Attalos Pati Gönüllüleri, AKP ve MHP oyları ile onaylanan, Anayasa Mahkemesi’nin de kabul ettiği Hayvan Hakları Yasası’na ateş püskürdü. Konuyla ilgili eylem düzenleyen hayvanseverler, sokak hayvanlarının uyutma adı altında öldürülmesine tepki gösterirken, valilikler tarafından koyulan besleme yasaklarını ise kınadı. Hayvanseverler, yürürlüğe giren düzenlemeyle birlikte sokak hayvanlarının yaşam hakkının tehlikeye atıldığının altını çizerken, barınak ve sokaklarda hayvanların acı çekerek öldürüldüklerini ileri sürdüler.
“SOKAK HAYVANLARININ ÖLDÜRÜLMESİ KANUNEN YASAKTIR”

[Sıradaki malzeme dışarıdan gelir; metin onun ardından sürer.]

(* Let $G$ be a subgroup of $O_d(\mathbb R)$, let $\Omega$ be a finite set and let \[\mathcal M=\{\boldsymbol\xi=(\xi_\omega)_{\omega\in\Omega}\in(\mathbb R^d)^\Omega:\ \text{the }\xi_\omega\text{ are pairwise distinct and }\boldsymbol\xi\text{ is }G\text{-invariant}\}.\] Then $\mathcal M$ is a submanifold of $(\mathbb R^d)^\Omega$.
   Context: A family $\boldsymbol\xi=(\xi_\omega)_{\omega\in\Omega}\in(\mathbb R^d)^\Omega$ is $G$-invariant if for every $R\in G$ there is a map $\chi(R):\Omega\to\Omega$ with $R\xi_\omega=\xi_{\chi(R)\omega}$ for all $\omega\in\Omega$. *)

From HB Require Import structures.
From mathcomp Require Import all_boot all_order all_algebra.
From mathcomp Require Import all_classical all_reals all_analysis.
Set Implicit Arguments. Unset Strict Implicit. Unset Printing Implicit Defensive.
Import Order.TTheory GRing.Theory Num.Theory.
Import numFieldNormedType.Exports.
Local Open Scope classical_set_scope.
Local Open Scope ring_scope.

Definition orthogonal_subgroup (R : realType) (d : nat) (G : set 'M[R]_d) :=
  [/\ G 1%:M,
      (forall A B, G A -> G B -> G (A *m B)),
      (forall A, G A -> G (invmx A)) &
      (forall A, G A -> A *m A^T = 1%:M)].

(* A point of (R^d)^Omega is stored as a matrix with #|Omega| rows; the
   vector xi_omega is the row of index (enum_rank omega), viewed as a
   column vector via transposition. *)
Definition xi_at (R : realType) (Omega : finType) (d : nat)
  (xi : 'M[R]_(#|Omega|, d)) (w : Omega) : 'cV[R]_d :=
  (row (enum_rank w) xi)^T.

Definition G_invariant (R : realType) (Omega : finType) (d : nat)
  (G : set 'M[R]_d) (xi : 'M[R]_(#|Omega|, d)) :=
  forall A, G A -> exists chi : Omega -> Omega,
    forall w, A *m xi_at xi w = xi_at xi (chi w).

Definition calM (R : realType) (Omega : finType) (d : nat)
  (G : set 'M[R]_d) : set 'M[R]_(#|Omega|, d) :=
  [set xi | (forall w w', w <> w' -> xi_at xi w <> xi_at xi w')
            /\ G_invariant G xi].

Fixpoint iter_D (R : realType) (V : normedModType R)
  (vs : seq V) (f : V -> V) : V -> V :=
  match vs with
  | [::] => f
  | v :: vs' => fun x => 'D_v (iter_D vs' f) x
  end.

Definition smooth_on (R : realType) (V : normedModType R)
  (U : set V) (f : V -> V) :=
  (forall vs v x, U x -> derivable (iter_D vs f) x v) /\
  (forall vs x, U x -> {for x, continuous (iter_D vs f)}).

Definition diffeo_on (R : realType) (V : normedModType R)
  (U W : set V) (phi psi : V -> V) :=
  [/\ open U, open W, smooth_on U phi & smooth_on W psi] /\
  [/\ phi @` U = W,
      (forall x, U x -> psi (phi x) = x) &
      (forall y, W y -> phi (psi y) = y)].

(* Embedded C^infinity submanifold of the finite-dimensional space of
   matrices: every point of M has an open neighbourhood U and a
   diffeomorphism of U onto an open set W straightening M /\ U onto
   W /\ L for a linear subspace L (dimension may vary with the point). *)
Definition is_submanifold (R : realType) (m n : nat)
  (M : set 'M[R]_(m, n)) :=
  forall p, M p -> exists (U W : set 'M[R]_(m, n)) (phi psi : 'M[R]_(m, n) -> 'M[R]_(m, n))
    (L : {vspace 'M[R]_(m, n)}),
    [/\ U p, diffeo_on U W phi psi &
        phi @` (M `&` U) = W `&` [set y | y \in L]].

From HB Require Import structures.
From mathcomp Require Import all_boot all_order all_algebra.
From mathcomp Require Import all_classical all_reals all_analysis.
From mathcomp Require Import lra.
Set Implicit Arguments. Unset Strict Implicit. Unset Printing Implicit Defensive.
Import Order.TTheory GRing.Theory Num.Theory.
Import numFieldNormedType.Exports.
Local Open Scope classical_set_scope.
Local Open Scope ring_scope.

(* Let [p] be a point of [calM G] and [delta] the least distance between two of
   its vectors.  An orthogonal [A] moves vectors by at most [d] times as much
   (in the max norm), so if [y] is within [delta / (d + 2)] of [p], the
   permutation by which [A] acts on the vectors of [y] can only be the one by
   which it acts on those of [p], and the vectors of [y] stay distinct.  Hence,
   near [p], [calM G] is the set of [y] sharing every symmetry of [p] with the same
   permutation: a linear subspace, straightened by the identity chart. *)

Lemma span_lincomb_closed (K : fieldType) (vT : vectType K) (S : set vT) (s : seq vT) :
  S 0 -> (forall a x y, S x -> S y -> S (a *: x + y)) ->
  (forall x, x \in s -> S x) -> forall y, y \in span s -> S y.
Proof.
move=> S0 S_lin sS y /(@coord_span _ _ _ (in_tuple s)) ->.
apply: (big_ind S) => // [x z Sx Sz|i _].
  by have := S_lin 1 x z Sx Sz; rewrite scale1r.
have s_i : S (in_tuple s)`_i by apply/sS; rewrite mem_nth // size_tuple.
by have := S_lin (coord (in_tuple s) i y) _ 0 s_i S0; rewrite addr0.
Qed.

(* [S] is the span of any family in [S] whose span has maximal dimension. *)
Lemma vspace_of_lincomb_closed (K : fieldType) (vT : vectType K) (S : set vT) :
  S 0 -> (forall a x y, S x -> S y -> S (a *: x + y)) ->
  exists L : {vspace vT}, [set y | y \in L] = S.
Proof.
move=> S0 S_lin.
pose rank_in_S n :=
  `[< exists2 s : seq vT, (forall x, x \in s -> S x) & \dim (span s) = n >].
have rank0 : exists n, rank_in_S n.
  by exists 0%N; apply/asboolP; exists [::] => //; rewrite span_nil dimv0.
have rank_bounded n : rank_in_S n -> (n <= \dim (fullv : {vspace vT}))%N.
  by move=> /asboolP [s _ <-]; apply/dimvS/subvf.
have [n /asboolP [s sS <-] rank_max] := ex_maxnP rank0 rank_bounded.
exists (span s); apply/seteqP; split=> y; first exact: span_lincomb_closed.
move=> Sy; have span_sub : (span s <= span (y :: s))%VS by rewrite span_cons addvSr.
have span_dim : (\dim (span (y :: s)) <= \dim (span s))%N.
  apply/rank_max/asboolP; exists (y :: s) => // x.
  by rewrite inE => /orP [/eqP ->|/sS].
have /eqP -> : span s == span (y :: s).
  by rewrite -(dimv_leqif_eq span_sub).2 eqn_leq span_dim dimvS.
by apply: memv_span; rewrite mem_head.
Qed.

Lemma iter_D_id_or_cst (R : realType) (V : normedModType R) (vs : seq V) :
  iter_D vs id = id \/ exists c : V, iter_D vs id = cst c.
Proof.
elim: vs => [|v vs [IH|[c IH]]] /=; first by left.
  by right; exists v; apply/funext => x; rewrite IH derive_id.
by right; exists 0; apply/funext => x; rewrite IH derive_cst.
Qed.

Lemma smooth_on_id (R : realType) (V : normedModType R) (U : set V) :
  smooth_on U id.
Proof.
split=> vs; case: (iter_D_id_or_cst vs) => [->|[c ->]].
- by move=> v x _; apply: derivable_id.
- by move=> v x _; apply: derivable_cst.
- by move=> x _; exact: cvg_id.
- by move=> x _; apply: cst_continuous.
Qed.

Lemma locally_linear_submanifold (R : realType) (m n : nat) (M : set 'M[R]_(m, n)) :
  (forall p, M p -> exists (e : R) (L : {vspace 'M[R]_(m, n)}),
     0 < e /\ M `&` ball p e = [set y | y \in L] `&` ball p e) ->
  is_submanifold M.
Proof.
move=> Mlin p Mp; have [e [L [e_gt0 ME]]] := Mlin p Mp.
exists (ball p e), (ball p e), id, id, L; split.
- exact: ballxx.
- by split; split; rewrite ?image_id //; [exact: ball_open|exact: ball_open|
    exact: smooth_on_id|exact: smooth_on_id].
- by rewrite image_id ME setIC.
Qed.

Section MatrixNorm.
Variable R : realType.

Lemma mx_entry_norm_le m n (M : 'M[R]_(m, n)) i j : `|M i j| <= `|M|.
Proof.
rewrite [`|M|]mx_normrE.
exact: (le_bigmax _ (fun ij : 'I_m * 'I_n => `|M ij.1 ij.2|) (i, j)).
Qed.

Lemma mx_norm_le_entries m n (M : 'M[R]_(m, n)) c :
  0 <= c -> (forall i j, `|M i j| <= c) -> `|M| <= c.
Proof. by move=> c_ge0 Mc; rewrite [`|M|]mx_normrE; apply: bigmax_le => // ij _. Qed.

Lemma orthogonal_entry_norm_le1 d (A : 'M[R]_d) i j :
  A *m A^T = 1%:M -> `|A i j| <= 1.
Proof.
move=> A_orth.
have row_sq : \sum_k A i k ^+ 2 = 1.
  have := congr1 (fun M : 'M[R]_d => M i i) A_orth; rewrite !mxE eqxx /= => row_dot.
  rewrite -[RHS]row_dot.
  by apply: eq_bigr => k _; rewrite !mxE expr2.
have entry_sq : A i j ^+ 2 <= 1.
  rewrite -row_sq (bigD1 j) //= lerDl; apply: sumr_ge0 => k _; exact: sqr_ge0.
by rewrite -(@expr_le1 _ 2) // real_normK // num_real.
Qed.

Lemma norm_mulmx_le m n k (A : 'M[R]_(m, n)) (v : 'M[R]_(n, k)) :
  (forall i j, `|A i j| <= 1) -> `|A *m v| <= n%:R * `|v|.
Proof.
move=> A_le1; apply: mx_norm_le_entries => [|i j]; first by rewrite mulr_ge0.
have -> : n%:R * `|v| = \sum_(l < n) `|v| by rewrite sumr_const card_ord mulr_natl.
rewrite mxE; apply: le_trans (ler_norm_sum _ _ _) (ler_sum _ _) => l _.
by rewrite normrM -[X in _ <= X]mul1r ler_pM ?mx_entry_norm_le.
Qed.

Lemma xi_atP (Omega : finType) d a (x y : 'M[R]_(#|Omega|, d)) w :
  xi_at (a *: x + y) w = a *: xi_at x w + xi_at y w.
Proof. by rewrite /xi_at !linearP. Qed.

Lemma norm_xi_at_le (Omega : finType) d (x : 'M[R]_(#|Omega|, d)) w :
  `|xi_at x w| <= `|x|.
Proof. by apply: mx_norm_le_entries => // i j; rewrite !mxE mx_entry_norm_le. Qed.

Lemma dist_xi_at_le (Omega : finType) d (x y : 'M[R]_(#|Omega|, d)) w :
  `|xi_at x w - xi_at y w| <= `|x - y|.
Proof. by rewrite /xi_at -!linearB norm_xi_at_le. Qed.

End MatrixNorm.

Section LocalStructure.
Variables (R : realType) (d : nat) (G : set 'M[R]_d) (Omega : finType).
Hypothesis G_orth : forall A, G A -> A *m A^T = 1%:M.
Implicit Types (p y : 'M[R]_(#|Omega|, d)) (w : Omega).

Definition inherits_symmetries p y :=
  forall A, G A -> forall chi : Omega -> Omega,
    (forall w, A *m xi_at p w = xi_at p (chi w)) ->
    forall w, A *m xi_at y w = xi_at y (chi w).

Lemma inherits_symmetries_vspace p :
  exists L : {vspace 'M[R]_(#|Omega|, d)}, [set y | y \in L] = inherits_symmetries p.
Proof.
apply: vspace_of_lincomb_closed.
- by move=> A _ chi _ w; rewrite /xi_at !linear0.
move=> a x y x_sym y_sym A GA chi p_chi w.
by rewrite !xi_atP mulmxDr -scalemxAr (x_sym A GA chi p_chi) (y_sym A GA chi p_chi).
Qed.

(* The cap [1] only matters when [Omega] has fewer than two points. *)
Definition min_gap p :=
  \big[Order.min/1]_(ww : Omega * Omega | ww.1 != ww.2) `|xi_at p ww.1 - xi_at p ww.2|.

Lemma min_gap_gt0 p :
  (forall w w', w <> w' -> xi_at p w <> xi_at p w') -> 0 < min_gap p.
Proof.
move=> p_inj; apply: lt_bigmin => // ww /eqP ww_neq.
by rewrite normr_gt0 subr_eq0; apply/eqP/p_inj.
Qed.

Lemma eq_of_lt_min_gap p u v : `|xi_at p u - xi_at p v| < min_gap p -> u = v.
Proof.
apply: contra_ltP => /eqP uv.
exact: (bigmin_le_cond _ (fun ww : Omega * Omega => `|xi_at p ww.1 - xi_at p ww.2|)
  (j := (u, v))).
Qed.

Section NearPoint.
Variables p y : 'M[R]_(#|Omega|, d).
Hypothesis y_near_p : (d%:R + 2) * `|p - y| < min_gap p.

Lemma near_xi_at_inj w w' : w <> w' -> xi_at y w <> xi_at y w'.
Proof.
move=> ww' yww'; apply/ww'/eq_of_lt_min_gap; apply: le_lt_trans y_near_p.
have := ler_distD (xi_at y w) (xi_at p w) (xi_at p w').
have := dist_xi_at_le p y w; have := dist_xi_at_le y p w'.
rewrite yww' [`|y - p|]distrC; have : 0 <= d%:R * `|p - y| by [].
lra.
Qed.

Lemma near_invariant_inherits : G_invariant G y -> inherits_symmetries p y.
Proof.
move=> y_inv A GA chi p_chi w; have [chi' y_chi'] := y_inv A GA.
rewrite y_chi'; congr xi_at.
apply/eq_of_lt_min_gap; apply: le_lt_trans y_near_p.
have moved_le : `|xi_at y (chi' w) - xi_at p (chi w)| <= d%:R * `|p - y|.
  rewrite -y_chi' -p_chi -mulmxBr.
  apply: le_trans (norm_mulmx_le _ _) _ => [i j|].
    exact: orthogonal_entry_norm_le1 (G_orth GA).
  by rewrite ler_wpM2l // distrC dist_xi_at_le.
have := ler_distD (xi_at y (chi' w)) (xi_at p (chi' w)) (xi_at p (chi w)).
have := dist_xi_at_le p y (chi' w); have : 0 <= `|p - y| by [].
lra.
Qed.

End NearPoint.

Definition gap_radius p := min_gap p / (d%:R + 2).

Lemma gap_radius_gt0 p :
  (forall w w', w <> w' -> xi_at p w <> xi_at p w') -> 0 < gap_radius p.
Proof. by move=> p_inj; rewrite divr_gt0 ?min_gap_gt0 ?ltr_wpDl. Qed.

Lemma ball_gap_radius p y :
  ball p (gap_radius p) y -> (d%:R + 2) * `|p - y| < min_gap p.
Proof. by rewrite -ball_normE /= ltr_pdivlMr ?ltr_wpDl // mulrC. Qed.

Lemma calM_ball_gap_radius p : calM G p ->
  calM G `&` ball p (gap_radius p) = inherits_symmetries p `&` ball p (gap_radius p).
Proof.
move=> [_ p_inv]; apply/seteqP; split=> y [y_in y_ball]; split=> //;
  have y_near := ball_gap_radius y_ball.
- by case: y_in => _; apply: near_invariant_inherits y_near.
- split=> [|A GA]; first exact: near_xi_at_inj y_near.
  by have [chi p_chi] := p_inv A GA; exists chi; apply: y_in.
Qed.

End LocalStructure.

Theorem lemma2p2 (R : realType) (d : nat) (G : set 'M[R]_d) (Omega : finType) :
  orthogonal_subgroup G -> is_submanifold (@calM R Omega d G).
Proof.
move=> [_ _ _ G_orth]; apply: locally_linear_submanifold => p p_in.
have [L L_sym] := inherits_symmetries_vspace G p.
exists (gap_radius p), L; split; first by apply: gap_radius_gt0; case: p_in.
by rewrite L_sym (calM_ball_gap_radius G_orth p_in).
Qed.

Attolos Pati Gönüllüleri, yaptıkları eylemde şu açıklamaya yer verdi:
“İktidar, muhalefet, valilikler ve tüm belediyeler: AKP ve MHP’nin oyları ile onaylanan, AYM’nin de kabul ettiği Hayvan Hakları Yasası kan dökmeye devam ediyor. Sokaklarda ve barınaklarda hayvanlar acı çektirilerek katlediliyorlar. Anayasa’nın 56. maddesi, devletin doğal yaşamı koruma yükümlülüğünü düzenler. Çıkan katliam yasası, bu yükümlülüğün ihmali anlamına gelir. 5199 sayılı Hayvanları Koruma Kanunu, hayvanların “yaşam hakkını” tanır. Sokak hayvanlarının öldürülmesi kanunen yasaktır.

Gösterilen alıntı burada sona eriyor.